門をくぐったとたんにーー明らかにそうだと告げるものは何もなかったのにーー遅すぎたということが、すべてはとっくの昔に終わってしまっていたのだということがわかった。

「わたしたちが孤児だったころ」カズオ・イシグロ著(ハヤカワepi文庫) ISBN: 9784151200342

20世紀初頭、上海・租界で暮らしていたころ、クリストファー少年の両親は相次いで行方不明となってしまう。孤児として両親の故郷、イギリスで成人したクリストファーは1937年、両親の探索に乗り出す決心をし、日本軍との戦闘で混乱を極める上海へと戻っていく。

アクロバティックな筋書きなのに、精緻で、決して独りよがりに陥らない。いつもながら、この著者が紡ぎだす虚構の力には驚くしかない。
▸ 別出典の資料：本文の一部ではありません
Lemma greedy_run_forced_share (st : list (list R)) (g : list R) : greedy_run st g ->
  forall v s A, 0 < v -> st <> [] ->
  Forall2 (Forall2 (reduced_by_large v)) A st -> List.Forall (fun c => suml c = s) st ->
  exists a, In a A /\ sumf (fun x => x * forced_share v x) a <= suml a - s + mass_above g v.
Proof.
  induction 1 as [st Hst | st st' g _ Hsub _ IH]; intros v s A Hv Hne HA Hs.
  - destruct (forced_share_at_stop v s A st Hv Hne ltac:(lra) HA Hs) as [a [Ha Hw]].
    exists a. split; [exact Ha|]. unfold mass_above; simpl. lra.
  - destruct (Rle_dec (minmax st) v) as [Hle|Hgt].
    + destruct (forced_share_at_stop v s A st Hv Hne Hle HA Hs) as [a [Ha Hw]].
      exists a. split; [exact Ha|]. pose proof (mass_above_nonneg (minmax st :: g) v). lra.
    + destruct (IH v (s - minmax st) A Hv) as [a [Ha Hw]].
      * exact (greedy_step_nonempty _ _ _ Hne Hsub).
      * apply (Forall2_compose _ _ _ _ _ HA Hsub). intros a c c' Hac Hcc'.
        apply (reduced_by_large_sub_largest v (minmax st) a c c'); [lra|exact Hac|exact Hcc'].
      * exact (greedy_step_suml _ _ _ _ Hsub Hs).
      * exists a. split; [exact Ha|]. unfold mass_above in *; simpl.
        destruct Rle_dec; [lra|]. lra.
Qed.

Lemma greedy_profile_forced_share (S : list (list R)) (g : list R) (L : list (R * R)) (v : R) :
  S <> [] -> List.Forall is_distr S -> greedy_run S g -> 0 < v < 1 ->
  (forall phi : R -> R, is_RInt (fun x => phi (Profile S x)) 0 1
                          (sumf (fun wx => fst wx * phi (Profile S (snd wx))) L)) ->
  sumf (fun wx => fst wx * forced_share v (Profile S (snd wx))) L <= mass_above g v.
Proof.
  intros Hne HS Hrun Hv HI.
  destruct (greedy_run_forced_share S g Hrun v 1 S) as [a [Ha Hshare]]; [lra|exact Hne| | |].
  - apply Forall2_diag. intros p _. apply Forall2_diag. intros x _. apply reduced_by_large_refl.
  - exact (Forall_impl _ (fun p Hp => proj1 (proj2 Hp)) HS).
  - rewrite Forall_forall in HS. destruct (HS a Ha) as [Hnn [Hsum _]].
    assert (Ia := is_RInt_Sketch (forced_share v) a Hnn). rewrite Hsum in Ia.
    enough (sumf (fun wx => fst wx * forced_share v (Profile S (snd wx))) L
            <= sumf (fun x => x * forced_share v x) a) by lra.
    apply (is_RInt_le _ _ 0 1 _ _ ltac:(lra) (HI (forced_share v)) Ia).
    intros x _. apply forced_share_mono; [lra|]. apply Profile_le_Sketch, Ha.
Qed.

Lemma sumf_log2_inv {A : Type} (w u : A -> R) (l : list A) : (forall i, In i l -> 0 < u i) ->
  sumf (fun i => w i * log2 (/ u i)) l = sumf (fun i => w i * - ln (u i)) l / ln 2.
Proof.
  intros Hu. unfold Rdiv. rewrite Rmult_comm, <- sumf_scal. apply sumf_ext_in.
  intros i Hi. unfold log2. rewrite ln_Rinv by (apply Hu, Hi). unfold Rdiv. ring.
Qed.

Lemma ln_bound_to_log2 (a b : R) :
  a <= b + (1 + ln 2) / 2 -> a / ln 2 <= b / ln 2 + (1 + log2 (exp 1)) / 2.
Proof.
  intros Hab. assert (Hln2 : 0 < ln 2) by (pose proof ln_lt_2; lra).
  unfold log2. rewrite ln_exp.
  replace (b / ln 2 + (1 + 1 / ln 2) / 2) with ((b + (1 + ln 2) / 2) / ln 2) by (field; lra).
  unfold Rdiv. apply Rmult_le_compat_r; [left; apply Rinv_0_lt_compat, Hln2|exact Hab].
Qed.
クリストファーの回想として語られる長いストーリーのなかで、繰り返される印象的なシーンがある。自分の記憶と、知人の記憶とが食い違っていることに気づいて苛立つのだ。誰にでも覚えがあるような、自身が経験したはずのことの、意外な不確かさ。多くの人が指摘していることだけれど、読む者がクリストファーの目を通じて見る世界は、なんだかとても、ぐらぐらしている。

カズオ・イシグロを読むのは「わたしを離さないで」「日の名残り」に続いて3作目。圧倒的に面白かった2作と比べると、正直ちょっと、入り込みづらかった。それは、クリストファーが今やロンドン社交界でもてはやされる名探偵だという設定や、失踪から10数年もたって両親を救出に行くという展開が、やけにファンタスティックなせいかと思っていた。いや、そうではなくて、世界がぐらぐらしているせいじゃないかと思い始めたら、どんどん引き込まれた。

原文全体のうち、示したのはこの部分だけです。